Welcome to the list!

On 1-2-2011 16:25, John Swensen wrote:
> I apologize if this email seems rudimentary. I am just getting into both Boost and Boost.Geometry. From the mailing list, I have gleaned that LineString/Polygon boolean operations are not implemented yet.

That is right.

> So, I am trying to implement it myself from some of the examples. I am able to successfully create a polygon and a linestring and follow the overlay example to get the list of turn points describing where they intersect. However, I would like to take the list of turn points and create two new polygons from that are divided by the turn points.
So basically you are wishing a "cut operation", cut the polygon into
pieces.
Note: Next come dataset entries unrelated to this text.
Section HypercomplexCourant.
Variables (R : numFieldType) (F : comAlgType R) (V : lmodType F).
Variables (rho : V -> F -> F) (pair : V -> V -> F) (circ : V -> V -> V).
Variables (D : F -> V) (I J K : V -> V).
Hypothesis HC : is_courant_algebroid rho pair circ D.
Hypothesis HH : almost_hypercomplex pair I J K.

Let HQ : quaternionic I J K.
Proof. by case: HH => endos _ _ _ rels; split. Qed.
Let I_endo : bundle_endo I. Proof. by case: HQ => [[]]. Qed.
Let J_endo : bundle_endo J. Proof. by case: HQ => [[]]. Qed.
Let K_endo : bundle_endo K. Proof. by case: HQ => [[]]. Qed.
Let II x : I (I x) = - x. Proof. by case: HQ => _ []. Qed.
Let JJ x : J (J x) = - x. Proof. by case: HQ => _ []. Qed.
Let KK x : K (K x) = - x. Proof. by case: HQ => _ []. Qed.
Let I_orth x y : pair (I x) (I y) = pair x y. Proof. by case: HH. Qed.
Let J_orth x y : pair (J x) (J y) = pair x y. Proof. by case: HH. Qed.
Let K_orth x y : pair (K x) (K y) = pair x y. Proof. by case: HH. Qed.

Let circ_linl (c : R) x y z :
  circ (c%:A *: x + y) z = c%:A *: circ x z + circ y z.
Proof. by case: HC => _ [_ [[]]]. Qed.
Let circ_linr (c : R) x y z :
  circ x (c%:A *: y + z) = c%:A *: circ x y + circ x z.
Proof. by case: HC => _ [_ [[]]]. Qed.
Let circ_sym x y : circ x y + circ y x = 2%:R *: D (pair x y).
Proof. by case: HC => _ [_ [_ [[_ [_ [_ []]]]]]]. Qed.
Let pair_sym x y : pair x y = pair y x.
Proof. by case: HC => [[]]. Qed.
Let pair_lin (a : F) x y z : pair (a *: x + y) z = a * pair x z + pair y z.
Proof. by case: HC => [[_ [lin _]] _]. Qed.
Let pair_nondeg y : (forall x, pair x y = 0) -> y = 0.
Proof. by case: HC => [[_ [_ nondeg]] _]; apply: nondeg. Qed.
Let rho_lin x (c : R) f g : rho x (c *: f + g) = c *: rho x f + rho x g.
Proof. by case: HC => _ [[_ []]]. Qed.
Let D_def f x : pair (D f) x = @fhalf R F * rho x f.
Proof. by case: HC => _ [_ [_ [_ ->]]]. Qed.

Let pairDl x y z : pair (x + y) z = pair x z + pair y z.
Proof. by rewrite -[x]scale1r pair_lin mul1r scale1r. Qed.
Let pairNl x z : pair (- x) z = - pair x z.
Proof. exact: (additiveN (fun x y => pairDl x y z)). Qed.
Let pairNr x z : pair z (- x) = - pair z x.
Proof. by rewrite pair_sym pairNl pair_sym. Qed.
Let rhoD x f g : rho x (f + g) = rho x f + rho x g.
Proof. by rewrite -[f]scale1r rho_lin !scale1r. Qed.
Definition has_source_component (F : {set 'I_n}) (E' : {set 'I_n * 'I_n}) (c : nat) : Prop :=
  exists S : {set 'I_n}, [/\ S \subset ~: F, (c <= #|S|)%N &
    forall s v, s \in S -> v \notin F -> connect (fun a b => (a, b) \in E') s v].

Definition Condition1 (R : realType) (k : nat) (A : 'M[R]_(k, n)) (G : rel 'I_n) (f : nat) : Prop :=
  forall F' : {set 'I_n}, (#|F'| <= f)%N ->
  forall E' : {set 'I_n * 'I_n}, reducedb G f F' E' ->
  has_source_component F' E' (maxn f.+1 (sp A)).

Definition num_reduced (G : rel 'I_n) (f : nat) (F : {set 'I_n}) : nat :=
  #|[set E' : {set 'I_n * 'I_n} | reducedb G f F E']|.
End Graphs.

(** non-faulty agents are 1..n-phi, i.e. the first n-phi indices *)
Definition nf (n phi : nat) (i : 'I_(n - phi)) : 'I_n := widen_ord (leq_subr phi n) i.
Definition faulty_set (n phi : nat) : {set 'I_n} := [set i : 'I_n | (n - phi <= i)%N].

From HB Require Import structures.
From mathcomp Require Import all_boot all_order all_algebra.
From mathcomp Require Import all_classical all_reals all_analysis.
From mathcomp Require Import ring lra.
Import Order.TTheory GRing.Theory Num.Theory.
Import numFieldNormedType.Exports.
Local Open Scope classical_set_scope.
Local Open Scope ring_scope.

(* Unrolling the recursion x(t+1) = M(t) x(t) - alpha(t) d(t) writes x(t) as
   Phi(t-1,0) x(0) minus the subgradient steps propagated by Phi(t-1,r), while
   y(t) is the same expression with every Phi(t-1,r) replaced by its limit
   1 pi(r).  The difference splits into the initial-state term, the propagated
   subgradient terms r < t (each entry of Phi - 1 pi is at most the geometric
   rate and |d| <= L), and the last step r = t, which Phi does not yet mix and
   which contributes at most 2 alpha(t-1) L. *)

Lemma subgradient_norm_le (R : realType) (g : R -> R) (L x d : R) :
  (forall a b, `|g a - g b| <= L * `|a - b|) ->
  is_subgradient g x d -> `|d| <= L.
Proof.
move=> lip sg.
have := sg (x + 1); have := sg (x - 1).
have := lip (x + 1) x; have := lip (x - 1) x.
rewrite [x + 1]addrC [x - 1]addrC !addrK normrN normr1 !mulr1 mulrN1.
by rewrite !ler_norml => /andP[_ ?] /andP[_ ?] ? ?; apply/andP; split; lra.
Qed.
Very interesting.

> So my questions are:
> 1) Is there a way to insert the turn point into the outer ring easily?

Yes, relatively easy. For each turn point you know the coordinate
(.point), and at which segment it intersects the polygon
(operations[0].seg_id). It must be able to insert a point there, though
this is not a Boost.Geometry standard way. Assuming you use the
Boost.Geometry polygon, you take the ring (if the ring_id is -1 it is
the outer ring), and using std:: you insert that point there.

> 2) Is there a way to find the line segments of the outer ring that are divided by the turn points?
Yes, this is related and actually answered above.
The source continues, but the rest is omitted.